Problem statement
Look through the data below for the line with "Proof. by move=> homf", and transcribe it exactly together with each line after it up to and including the line with "Lemma strong_hom_image_leW (A". Give nothing else.

——————————

(* Let $q$ be a prime power, let $k\ge 2$ and $1\le r\le k-1$ be integers, and let $\varepsilon_r,\dots,\varepsilon_{k-2}$ be integers with $0\le\varepsilon_i\le q-1$. Let $\mathcal{F}$ be a multiset of points in $\mathrm{PG}(k-1,q)$ with parameters \[ \Bigl(\sum_{i=r}^{k-2}\varepsilon_i v_{i+1},\ \sum_{i=r}^{k-2}\varepsilon_i v_{i+1-r}\Bigr)^{(k-1-r)} \] (as a minihyper), and let $w_0$ be the maximal multiplicity of a point in $\mathcal{F}$. Then for every integer $\sigma\ge w_0$ the multiset $\mathcal{K}=\sigma-\mathcal{F}$ (i.e. $\mathcal{K}(P)=\sigma-\mathcal{F}(P)$ for every point $P$) is an arc with parameters \[ \Bigl(n=\sigma v_k-\sum_{i=r}^{k-2}\varepsilon_i v_{i+1},\ \ w_{k-r-1}=\sigma v_{k-r}-\sum_{i=r}^{k-2}\varepsilon_i v_{i+1-r}\Bigr)^{(k-1-r)}, \] and the linear code $C$ associated with $\mathcal{K}$ is a Griesmer code with respect to the $r$th generalized Hamming weight, i.e. $n=g_q^{(r)}(k,d_r(C))$.
   Context: $v_j=(q^j-1)/(q-1)$. Dimensions in $\mathrm{PG}(k-1,q)$ are projective (points have dimension 0, hyperplanes dimension $k-2$, the whole space dimension $k-1$). A multiset of points is a map $\mathcal{K}$ from the point set of $\mathrm{PG}(k-1,q)$ to $\mathbb{Z}_{\ge0}$; for a set $S$ of points, $\mathcal{K}(S)=\sum_{P\in S}\mathcal{K}(P)$. A multiset has minihyper parameters $(n,u)^{(j)}$ if its total multiplicity is $n$, every $j$-dimensional subspace has multiplicity at least $u$, and some $j$-dimensional subspace has multiplicity exactly $u$; it has arc parameters $(n,w)^{(j)}$ if its total multiplicity is $n$, every $j$-dimensional subspace has multiplicity at most $w$, and some has multiplicity exactly $w$. The code associated with a multiset $\mathcal{K}$ of total multiplicity $n$ is the row space of a $k\times n$ matrix over $\mathbb{F}_q$ whose columns are coordinate vectors of the points of $\mathcal{K}$, each point $P$ appearing $\mathcal{K}(P)$ times. For a linear code $C\le\mathbb{F}_q^n$, the support of a subcode $C'$ is the set of coordinates where some codeword of $C'$ is nonzero, and the $r$th generalized Hamming weight $d_r(C)$ is the minimum support size of an $r$-dimensional subcode. For integers $k$, $1\le r\le k$ and $d$, $g_q^{(r)}(k,d)=d+\sum_{i=1}^{k-r}\lceil d/(q^i v_r)\rceil$. *)

From HB Require Import structures.
From mathcomp Require Import all_boot all_order all_algebra.
Set Implicit Arguments. Unset Strict Implicit. Unset Printing Implicit Defensive.
Import GRing.Theory.
Local Open Scope ring_scope.

Section Proj.
Variable F : finFieldType.
Variable k : nat.

(* A point of PG(k-1,q): a 1-dimensional subspace of F^k, represented by its
   canonical row-space matrix <<A>>%MS. *)
Definition is_point (A : 'M[F]_k) : bool := (\rank A == 1)%N && (<<A>>%MS == A).
Definition point := {A : 'M[F]_k | is_point A}.
(* The key is adjoined to the coordinates as its indicator vector. *)
Lemma dickson_with_key (K I : finType) (key : nat -> K) (c : nat -> I -> nat) :
  exists i j, [/\ i < j, key i = key j & forall t, c i t <= c j t].
Proof.
pose c' n (t : I + K) :=
  match t with inl t => c n t | inr k => nat_of_bool (key n == k) end.
have [i [j [ij le_ij]]] := dickson c'.
exists i, j; split=> [//||t]; last exact: (le_ij (inl t)).
by have := le_ij (inr (key i)); rewrite /= eqxx lt0b => /eqP.
Qed.

Lemma wqo_on_of_good (C : Defs.rgraph -> Prop)
    (le : Defs.rgraph -> Defs.rgraph -> Prop) :
  (forall A B D, le A B -> le B D -> le A D) ->
  (forall s, (forall n, C (s n)) -> exists i j, i < j /\ le (s i) (s j)) ->
  wqo_on C le.
Proof.
move=> le_trans good; split=> [[s [Cs s_decr]] | [s [Cs s_anti]]].
  have [i [j [ij le_ij]]] := good s Cs.
  suff : le (s i) (s i.+1) by case: (s_decr i).
  elim: j ij le_ij => // j IHj.
  rewrite ltnS leq_eqVlt => /predU1P[<- //|ij le_ij].
  by apply: IHj ij _; apply: le_trans le_ij _; case: (s_decr j).
have [i [j [ij le_ij]]] := good s Cs.
by apply: (s_anti i j) le_ij => /eqP; rewrite ltn_eqF.
Qed.

Lemma is_hom_comp (A B D : Defs.rgraph)
    (f : vtx B -> vtx A) (g : vtx D -> vtx B) :
  is_hom f -> is_hom g -> is_hom (f \o g).
Proof. by move=> homf homg x y /homg /homf. Qed.

Lemma surj_comp (A B D : Type) (f : B -> A) (g : D -> B) :
  surj f -> surj g -> surj (f \o g).
Proof. by move=> sf sg a; have [b <-] := sf a; have [d <-] := sg b; exists d. Qed.

Lemma is_strong_hom_comp (A B D : Defs.rgraph)
    (f : vtx B -> vtx A) (g : vtx D -> vtx B) :
  is_strong_hom f -> is_strong_hom g -> surj g -> is_strong_hom (f \o g).
Proof.
move=> [homf liftf] [homg liftg] sg.
split=> [|_ _ [d1 <-] [d2 <-] uv]; first exact: is_hom_comp.
have [b1 [b2 [fb1 fb2 b12]]] :=
  liftf _ _ (ex_intro _ (g d1) erefl) (ex_intro _ (g d2) erefl) uv.
have [e1 [e2 [ge1 ge2 e12]]] := liftg b1 b2 (sg b1) (sg b2) b12.
by exists e1, e2; rewrite /= ge1 ge2.
Qed.

Lemma hom_image_le_trans (A B D : Defs.rgraph) :
  hom_image_le A B -> hom_image_le B D -> hom_image_le A D.
Proof.
move=> [f [homf sf]] [g [homg sg]].
by exists (f \o g); split; [apply: is_hom_comp | apply: surj_comp].
Qed.

Lemma strong_hom_image_le_trans (A B D : Defs.rgraph) :
  strong_hom_image_le A B -> strong_hom_image_le B D -> strong_hom_image_le A D.
Proof.
move=> [f [homf sf]] [g [homg sg]].
by exists (f \o g); split; [apply: is_strong_hom_comp | apply: surj_comp].
Qed.

Lemma strong_hom_image_leW (A B : Defs.rgraph) :
  strong_hom_image_le A B -> hom_image_le A B.
Proof. by move=> [f [[homf _] sf]]; exists f. Qed.

Lemma exists_class_retraction (C : eqType) (T U : finType)
    (cT : T -> C) (cU : U -> C) :
  (forall c, #|[pred x | cT x == c]| <= #|[pred y | cU y == c]|) ->
  (forall y, exists x, cT x = cU y) ->
  exists (f : U -> T) (g : T -> U),
    [/\ cancel g f, forall y, cT (f y) = cU y & forall x, cU (g x) = cT x].
Proof.
move=> le_fib occ.
pose fib (V : finType) (cl : V -> C) c := enum [pred v | cl v == c].
have fibP (V : finType) (cl : V -> C) c v : (v \in fib V cl c) = (cl v == c).
  by rewrite mem_enum.
have nth_fib (V : finType) (cl : V -> C) c d i :
    cl d = c -> cl (nth d (fib V cl c) i) = c.
  move=> dc; have [lt_i | ge_i] := ltnP i (size (fib V cl c)).
    by apply/eqP; rewrite -fibP mem_nth.
  by rewrite nth_default.
have [d dP] := fin_all_exists occ.
have /fin_all_exists[e eP] : forall x, exists y, cU y = cT x.
  move=> x; have /card_gt0P[y] : 0 < #|[pred y | cU y == cT x]|.
    by apply: leq_trans (le_fib (cT x)); apply/card_gt0P; exists x; rewrite inE /=.
  by rewrite inE => /eqP; exists y.
pose f y := nth (d y) (fib T cT (cU y)) (index y (fib U cU (cU y))).
pose g x := nth (e x) (fib U cU (cT x)) (index x (fib T cT (cT x))).
have gP x : cU (g x) = cT x by apply: nth_fib.
exists f, g; split=> [x | y | //]; last exact: nth_fib.
have ix : index x (fib T cT (cT x)) < size (fib U cU (cT x)).
  by rewrite -cardE (leq_trans _ (le_fib _)) // cardE index_mem fibP.
by rewrite /f gP /g index_uniq ?enum_uniq // nth_index // fibP.
Qed.

Definition adj_by_class (G : Defs.rgraph) (C : Type) (cl : vtx G -> C)
    (A : rel C) :=
  forall x y, x != y -> adj x y = A (cl x) (cl y).

Lemma class_preserving_hom (C : Type) (A : rel C) (G H : Defs.rgraph)
    (clG : vtx G -> C) (clH : vtx H -> C) (f : vtx H -> vtx G) :
  adj_by_class clG A -> adj_by_class clH A -> (forall y, clG (f y) = clH y) ->
  is_hom f.
Proof.
move=> adjG adjH fP x y xy; have [-> | fxy] := eqVneq (f x) (f y).
  exact: adj_refl.
have nxy : x != y by apply: contraNneq fxy => ->.
by rewrite adjG // !fP -adjH.
Qed.

Lemma strong_hom_image_le_by_class (C : eqType) (A : rel C) (G H : Defs.rgraph)
    (clG : vtx G -> C) (clH : vtx H -> C) :
  adj_by_class clG A -> adj_by_class clH A ->
  (forall c, #|[pred x | clG x == c]| <= #|[pred y | clH y == c]|) ->
  (forall y, exists x, clG x = clH y) ->
  strong_hom_image_le G H.
Proof.
move=> adjG adjH le_fib occ.
have [f [g [gK fP gP]]] := exists_class_retraction le_fib occ.
have homg : is_hom g := class_preserving_hom adjH adjG gP.
exists f; split=> [|x]; last by exists (g x).
split=> [|u v _ _ uv]; first exact: class_preserving_hom adjG adjH fP.
by exists (g u), (g v); rewrite !gK; split=> //; apply: homg.
Qed.

Definition tn_partition (N : nat) (G : Defs.rgraph) (Ge Gc Gf : {set vtx G}) :
    Prop :=
  [/\ [/\ [disjoint Ge & Gc], [disjoint Ge & Gf], [disjoint Gc & Gf]
        & Ge :|: Gc :|: Gf = setT],
      (forall x y, x \in Ge -> y \in Ge -> x != y -> ~~ adj x y),
      (forall x y, x \in Gc -> y \in Gc -> x != y -> adj x y),
      #|Gf| <= N
    & (forall x y z t, x \in Ge -> y \in Ge -> z \in Gc -> t \in Gc ->
         adj x z = adj y t)].

Notation vclass N := ('I_N.+1 + bool * {set 'I_N.+1})%type.

(* In [inr (b, L)], [b] tells whether the vertex lies in [Gc]: two vertices
   of [Ge] are never adjacent, two of [Gc] always are, and [sh.2] is the
   uniform adjacency between [Ge] and [Gc]. *)
Definition shape_adj (N : nat) (sh : {set 'I_N.+1 * 'I_N.+1} * bool) :
    rel (vclass N) :=
  fun c d => match c, d with
  | inl i, inl j => (i, j) \in sh.1
  | inl i, inr (_, L) => i \in L
  | inr (_, L), inl j => j \in L
  | inr (b, _), inr (b', _) => if b == b' then b else sh.2
  end.

Section TNClasses.

Variables (N : nat) (G : Defs.rgraph) (Ge Gc Gf : {set vtx G}).

Definition flabel (v : vtx G) : 'I_N.+1 := inord (index v (enum Gf)).

Definition tn_class (v : vtx G) : vclass N :=
  if v \in Gf then inl (flabel v)
  else inr (v \in Gc, [set flabel x | x in Gf & adj v x]).

Definition tn_shape : {set 'I_N.+1 * 'I_N.+1} * bool :=
  ([set (flabel x, flabel y) | x in Gf, y in Gf & adj x y],
   [exists x in Ge, exists z in Gc, adj x z]).

Definition tn_key := (tn_shape, [set tn_class x | x : vtx G]).

Hypothesis partG : tn_partition N Ge Gc Gf.

Lemma flabel_inj : {in Gf &, injective flabel}.
Proof.
case: partG => _ _ _ GfN _.
have lt_index x : x \in Gf -> index x (enum Gf) < N.+1.
  move=> xf; rewrite ltnS; apply: leq_trans GfN.
  by apply: ltnW; rewrite cardE index_mem mem_enum.
move=> x y xf yf /(congr1 val); rewrite /= !inordK ?lt_index //.
by apply: index_inj; rewrite ?mem_enum.
Qed.

Lemma mem_flabel_image (P : pred (vtx G)) y :
  y \in Gf -> (flabel y \in [set flabel x | x in Gf & P x]) = P y.
Proof.
move=> yf; apply/imsetP/idP => [[x] | Py]; last by exists y; rewrite // inE yf.
by rewrite inE => /andP[xf Px] /flabel_inj-> .
Qed.

Lemma mem_tn_shape_pairs x y : x \in Gf -> y \in Gf ->
  ((flabel x, flabel y) \in tn_shape.1) = adj x y.
Proof.
move=> xf yf; apply/imset2P/idP => [[x' y' x'f] | xy]; last first.
  by exists x y; rewrite // inE yf.
rewrite inE => /andP[y'f x'y'] [/flabel_inj-> // /flabel_inj-> //].
Qed.

Lemma adj_Ge_Gc x z : x \in Ge -> z \in Gc -> adj x z = tn_shape.2.
Proof.
case: partG => _ _ _ _ unif xe zc.
apply/idP/exists_inP => [xz | [x' x'e /exists_inP[z' z'c x'z']]].
  by exists x => //; apply/exists_inP; exists z.
by rewrite (unif x x' z z').
Qed.

Lemma tn_adj_by_class : adj_by_class tn_class (shape_adj tn_shape).
Proof.
case: partG => [[_ _ _ cover] Ge_empty Gc_full _ _] x y xy.
have inGe v : v \notin Gf -> v \notin Gc -> v \in Ge.
  move=> vf vc; have : v \in Ge :|: Gc :|: Gf by rewrite cover inE.
  by rewrite !inE (negbTE vf) (negbTE vc) !orbF.
rewrite /tn_class; case: ifPn => xf; case: ifPn => yf /=.
- by rewrite mem_tn_shape_pairs.
- by rewrite mem_flabel_image // adj_sym.
- by rewrite mem_flabel_image.
have [xc | xc] := boolP (x \in Gc); have [yc | yc] := boolP (y \in Gc) => /=.
- exact: Gc_full.
- by rewrite adj_sym adj_Ge_Gc ?inGe.
- by rewrite adj_Ge_Gc ?inGe.
- by apply/negbTE/Ge_empty; rewrite ?inGe.
Qed.

End TNClasses.

Lemma tn_strong_hom_image_le (N : nat) (G H : Defs.rgraph)
    (Ge Gc Gf : {set vtx G}) (He Hc Hf : {set vtx H}) :
  tn_partition N Ge Gc Gf -> tn_partition N He Hc Hf ->
  tn_key N Ge Gc Gf = tn_key N He Hc Hf ->
  (forall c, #|[pred x | tn_class N Gc Gf x == c]|
               <= #|[pred y | tn_class N Hc Hf y == c]|) ->
  strong_hom_image_le G H.
Proof.
move=> partG partH /eqP; rewrite xpair_eqE => /andP[/eqP shapeE /eqP occE].
move=> le_fib.
apply: (strong_hom_image_le_by_class (tn_adj_by_class partG)) le_fib _.
  by rewrite shapeE; apply: tn_adj_by_class.
move=> y; have : tn_class N Hc Hf y \in [set tn_class N Gc Gf x | x : vtx G].
  by rewrite occE imset_f.
by case/imsetP => x _ ->; exists x.
Qed.

Lemma tn_sequence_good (N : nat) (s : nat -> Defs.rgraph) :
  (forall n, in_TN N (s n)) ->
  exists i j, i < j /\ strong_hom_image_le (s i) (s j).
Proof.
move=> sTN.
have part n : {P : {set vtx (s n)} * {set vtx (s n)} * {set vtx (s n)} |
                tn_partition N P.1.1 P.1.2 P.2}.
  apply: constructive_indefinite_description.
  by have [Ge [Gc [Gf partG]]] := sTN n; exists (Ge, Gc, Gf).
pose W n := sval (part n).
have [i [j [ij keyE le_fib]]] :=
  dickson_with_key (fun n => tn_key N (W n).1.1 (W n).1.2 (W n).2)
    (fun n c => #|[pred x | tn_class N (W n).1.2 (W n).2 x == c]|).
exists i, j; split=> //.
exact: tn_strong_hom_image_le (svalP (part i)) (svalP (part j)) keyE le_fib.
Qed.

Theorem theorem2p8 (N : nat) :
  wqo_on (in_TN N) hom_image_le /\ wqo_on (in_TN N) strong_hom_image_le.
Proof.
split; apply: wqo_on_of_good.
- exact: hom_image_le_trans.
- by move=> s /tn_sequence_good[i [j [ij /strong_hom_image_leW]]]; exists i, j.
- exact: strong_hom_image_le_trans.
- exact: tn_sequence_good.
Qed.
Lemma FbarL_of_inj f g : FbarL_of f = FbarL_of g -> f = g.
Proof.
move=> fg.
have /FbarL_of_le le_fg : FbarL_le (FbarL_of f) (FbarL_of g) by rewrite fg; split=> ? ?.
have /FbarL_of_le le_gf : FbarL_le (FbarL_of g) (FbarL_of f) by rewrite fg; split=> ? ?.
by apply/funext => x; apply/le_anti; rewrite le_fg le_gf.
Qed.

Lemma FbarL_of_pinfty : FbarL_of (cst +oo%E) = FbarL_pinfty X.
Proof.
rewrite /FbarL_of /FbarL_pinfty; congr pair; apply/funext => r.
  rewrite (_ : (fun s => _) = fun=> Sp set0); last first.
    by apply/funext => s; congr Sp; apply/seteqP; split=> x //=; rewrite leye_eq.
  rewrite Sp0 coS_join_cst //; last by move=> _ ->; exact: openT.
  by exists (r + 1) => /=; lra.
rewrite (_ : (fun s => _) = fun=> Sp setT); last first.
  by apply/funext => s; congr Sp; apply/seteqP; split=> x //= _; exact: leey.
by rewrite SpT coS_join_cst //; exists (r - 1) => /=; lra.
Qed.

Lemma FbarL_of_minfty : FbarL_of (cst -oo%E) = FbarL_minfty X.
Proof.
rewrite /FbarL_of /FbarL_minfty; congr pair; apply/funext => r.
  rewrite (_ : (fun s => _) = fun=> Sp setT); last first.
    by apply/funext => s; congr Sp; apply/seteqP; split=> x //= _; exact: leNye.
  by rewrite SpT coS_join_cst //; exists (r + 1) => /=; lra.
rewrite (_ : (fun s => _) = fun=> Sp set0); last first.
  by apply/funext => s; congr Sp; apply/seteqP; split=> x //=; rewrite leeNy_eq.
rewrite Sp0 coS_join_cst //; last by move=> _ ->; exact: openT.
by exists (r - 1) => /=; lra.
Qed.

Definition FbarL_inv (h : FbarL X) (x : X) : \bar R :=
  ereal_inf [set eratr R r | r in [set r | pts (h.1 r) x]].

Section Inverse.
Variable h : FbarL X.
Hypothesis hF : is_FbarL h.

Lemma FbarL_spatial :
  (forall r, h.1 r = coS_join [set s | r < s] (fun s => Sp (~` pts (h.2 s)))) /\
  (forall s, h.2 s = coS_join [set r | r < s] (fun r => Sp (~` pts (h.1 r)))).
Proof.
have [[sl1 sl2] r1 r3 r4 pcc] := hF.
have pc_sub1 s : coS_pc (h.2 s) `<=` h.1 s.
  by apply: coS_pc_sub => //; rewrite coS_meetC; exact: r1.
have pc_sub2 r : coS_pc (h.1 r) `<=` h.2 r by apply: coS_pc_sub => //; exact: r1.
split=> [r | s].
  apply: (coS_join_sandwich (r3 r)) => s rs; rewrite -(coS_pcE X_T1 (sl2 s)).
    by have [] := pcc r s rs.
  exact: pc_sub1.
apply: (coS_join_sandwich (r4 s)) => r rs; rewrite -(coS_pcE X_T1 (sl1 r)).
  by have [] := pcc r s rs.
exact: pc_sub2.
Qed.

Lemma pts_FbarL2 s : pts (h.2 s) = \bigcap_(r in [set r | r < s]) ~` pts (h.1 r).
Proof. by rewrite FbarL_spatial.2 pts_coS_join_Sp. Qed.

Lemma pts_FbarL1_mono r t : r < t -> pts (h.1 r) `<=` pts (h.1 t).
Proof. by have [_ _ r3 _ _] := hF; move=> rt x; rewrite /pts (r3 r) => -[_]; apply. Qed.

Lemma FbarL_inv_le r x : pts (h.1 r) x -> (FbarL_inv h x <= eratr R r)%E.
Proof. by move=> hrx; apply: ereal_inf_lbound; exists r. Qed.

Lemma FbarL_inv_lt t x : (FbarL_inv h x < eratr R t)%E -> pts (h.1 t) x.
Proof.
move=> /ereal_inf_lt [_ [r hrx <-]]; rewrite lte_eratr => rt.
exact: pts_FbarL1_mono rt _ hrx.
Qed.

——————————

Final answer
Proof. by move=> homf homg x y /homg /homf. Qed.

Lemma surj_comp (A B D : Type) (f : B -> A) (g : D -> B) :
  surj f -> surj g -> surj (f \o g).
Proof. by move=> sf sg a; have [b <-] := sf a; have [d <-] := sg b; exists d. Qed.

Lemma is_strong_hom_comp (A B D : Defs.rgraph)
    (f : vtx B -> vtx A) (g : vtx D -> vtx B) :
  is_strong_hom f -> is_strong_hom g -> surj g -> is_strong_hom (f \o g).
Proof.
move=> [homf liftf] [homg liftg] sg.
split=> [|_ _ [d1 <-] [d2 <-] uv]; first exact: is_hom_comp.
have [b1 [b2 [fb1 fb2 b12]]] :=
  liftf _ _ (ex_intro _ (g d1) erefl) (ex_intro _ (g d2) erefl) uv.
have [e1 [e2 [ge1 ge2 e12]]] := liftg b1 b2 (sg b1) (sg b2) b12.
by exists e1, e2; rewrite /= ge1 ge2.
Qed.

Lemma hom_image_le_trans (A B D : Defs.rgraph) :
  hom_image_le A B -> hom_image_le B D -> hom_image_le A D.
Proof.
move=> [f [homf sf]] [g [homg sg]].
by exists (f \o g); split; [apply: is_hom_comp | apply: surj_comp].
Qed.

Lemma strong_hom_image_le_trans (A B D : Defs.rgraph) :
  strong_hom_image_le A B -> strong_hom_image_le B D -> strong_hom_image_le A D.
Proof.
move=> [f [homf sf]] [g [homg sg]].
by exists (f \o g); split; [apply: is_strong_hom_comp | apply: surj_comp].
Qed.

Lemma strong_hom_image_leW (A B : Defs.rgraph) :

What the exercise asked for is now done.